Cybersecurity hat für die Europäische Kommission oberste Priorität, versicherte EU-Digitalkommissarin Mariya Gabriel in ihrer Keynote auf der Konferenz DLD18 in München. Ein Signal dafür sei die Umwandlung der Europäischen Agentur für Netz- und Informationssicherheit (ENISA) von einer temporären in eine dauerhafte Behörde. Allerdings forderte Gabriel die Unternehmen auf, deutlich mehr in die Waagschale zu werfen, denn die EU-Ausgaben von 1,8 Milliarden Euro nähmen sich immer noch sehr bescheiden aus im Vergleich zu den von den USA 2017 investierten 19 Milliarden US-Dollar.
Zum diesjährigen Safer Internet Day am 6. Februar will die Kommission eine Kampagne starten, mit der Jugendliche, Schüler und Eltern aufgeklärt werden sollen, wie sie sich mit "wenigen, einfachen Schritten sicherer" im Netz bewegen können, sagte Gabriel. Mehr Information und Bildung im diesem Bereich seien dringend notwendig, um die "alarmierenden Zahlen" zu senken, nach denen 90 Prozent der Cyberattacken von einfachen Nutzer-Fehlern begünstigt würden. Unterstützen will Gabriel auch grenzüberschreitende Praktika für 5000 bis 6000 Studierende im Bereich Cybersecurity.

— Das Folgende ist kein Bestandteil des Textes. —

Lemma stats_parity_above (js : seq nat) :
  sorted ltn js -> all (fun k => 0 < k <= n)%N js ->
  let S := symdiff [set i : 'I_n.+1 | (i : nat) \in js] (DesS n u) in
  fdes n (signed (parity_above js) u) = (des n u + #|S|)%N /\
  fmaj n (signed (parity_above js) u) = (maj n u + \sum_(i in S) (i : nat))%N.
Proof.
elim: js => [|j js IH] /= js_sorted js_range.
  have -> : symdiff [set i : 'I_n.+1 | (i : nat) \in [::]] (DesS n u) =
            DesS n u.
    by apply/setP => i; rewrite !inE.
  rewrite fdes_signed fmaj_signed andbF count_pred0.
  rewrite (@eq_signed _ (fun=> false)) // signed_false.
  by split; rewrite /= addn0 -addnn.
move: js_range => /andP[/andP[j_gt0 j_le_n] js_range].
have js_gt : all (fun k => j < k)%N js := order_path_min ltn_trans js_sorted.
have [IHdes IHmaj] := IH (path_sorted js_sorted) js_range.
pose x : 'I_n.+1 := Ordinal (j_le_n : (j < n.+1)%N).
have xNK : x \notin [set i : 'I_n.+1 | (i : nat) \in js].
  by rewrite inE; apply/negP => /(allP js_gt); rewrite ltnn.
have -> : [set i : 'I_n.+1 | (i : nat) \in j :: js] =
          x |: [set i : 'I_n.+1 | (i : nat) \in js].
  by apply/setP => i; rewrite !inE.
have [S_toggle xS xS'] := symdiff_add (DesS n u) xNK.
rewrite (@eq_signed _ (fun p => (p < x)%N (+) parity_above js p)); last first.
  by move=> p; rewrite /parity_above /= oddD oddb.
have x_last : (x < n)%N || ~~ odd (size js).
  case: js js_gt js_range {IH IHdes IHmaj js_sorted S_toggle xS xS' xNK}
    => [|k ks] /=; first by rewrite orbT.
  move=> /andP[lt_jk _] /andP[/andP[_ le_kn] _].
  by rewrite (leq_trans lt_jk le_kn).
have prefix (p : nat) : (p <= x)%N -> parity_above js p = odd (size js).
  move=> le_px; rewrite /parity_above; congr odd; apply/eqP; rewrite -all_count.
  by apply: sub_all js_gt => k; exact: leq_ltn_trans le_px.
exact: (stats_step (x := x) j_gt0 prefix x_last S_toggle xS xS' IHdes IHmaj).
Qed.

End SignedCopies.

Lemma inSn_size_pos n u :
  inSn n u -> size u = n /\ forall x, x \in u -> 0 < x.
Proof.
move=> u_Sn; split; first by rewrite (perm_size u_Sn) size_map size_iota.
move=> x; rewrite (perm_mem u_Sn) => /mapP[i]; rewrite mem_iota.
by move=> /andP[i_gt0 _] ->; rewrite ltz_nat.
Qed.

Weiter geplant sind ein Verordnungsvorschlag zur konzertierten EU-Antwort auf Cyberattacken sowie ein EU-Rahmen für die freiwillige Zertifizierung von Geräten und Software. Der deutsche Bundesrat hatte im Dezember die Freiwilligkeit der Zertifizierung und auch den Verzicht auf Gewährleistungsregeln für Software im EU-Verordnungsentwurf angekreidet.
Qualitätsproblem im Software- und Hardwaremarkt
Der Chef des Bundesamts für Sicherheit in der Informationstechnik (BSI), Arne Schönbohm, forderte in einer Diskussionsrunde mit Gabriel, bestehende Zertifizierungssysteme wie das in die Jahre gekommende Sog-IS MRA und nationale Initiativen wie den deutsch-französischen Cloud-Standard C5 nicht zu vergessen. Die gerade mal 85 Arbeitsplätze in der ENISA – das BSI hat rund zehnmal so viele – reichten bei weitem nicht aus, meinte Schönbohm.
Gleichzeitig wies er die Idee eines staatlichen "Wetterdienstes" für Angriffe zurück. "Die Warnung vor Spectre gab es schon vor zwei Jahren auf einer Konferenz", sagte Schönbohm. Für ihn gibt es ein "riesiges Qualitätsproblem". Das BSI geht von insgesamt 600 Millionen für Malware anfällige Programmen aus, jeden Tag registriere die Behörde 280.000 neue Softwareprodukte. Es gelte, die Nachlässigkeit beim Verkauf sowie beim Kauf von Software und Hardware abzustellen: "Kaufen Sie ihr Smartphone nach Security-Gesichtspunkten?", fragte er.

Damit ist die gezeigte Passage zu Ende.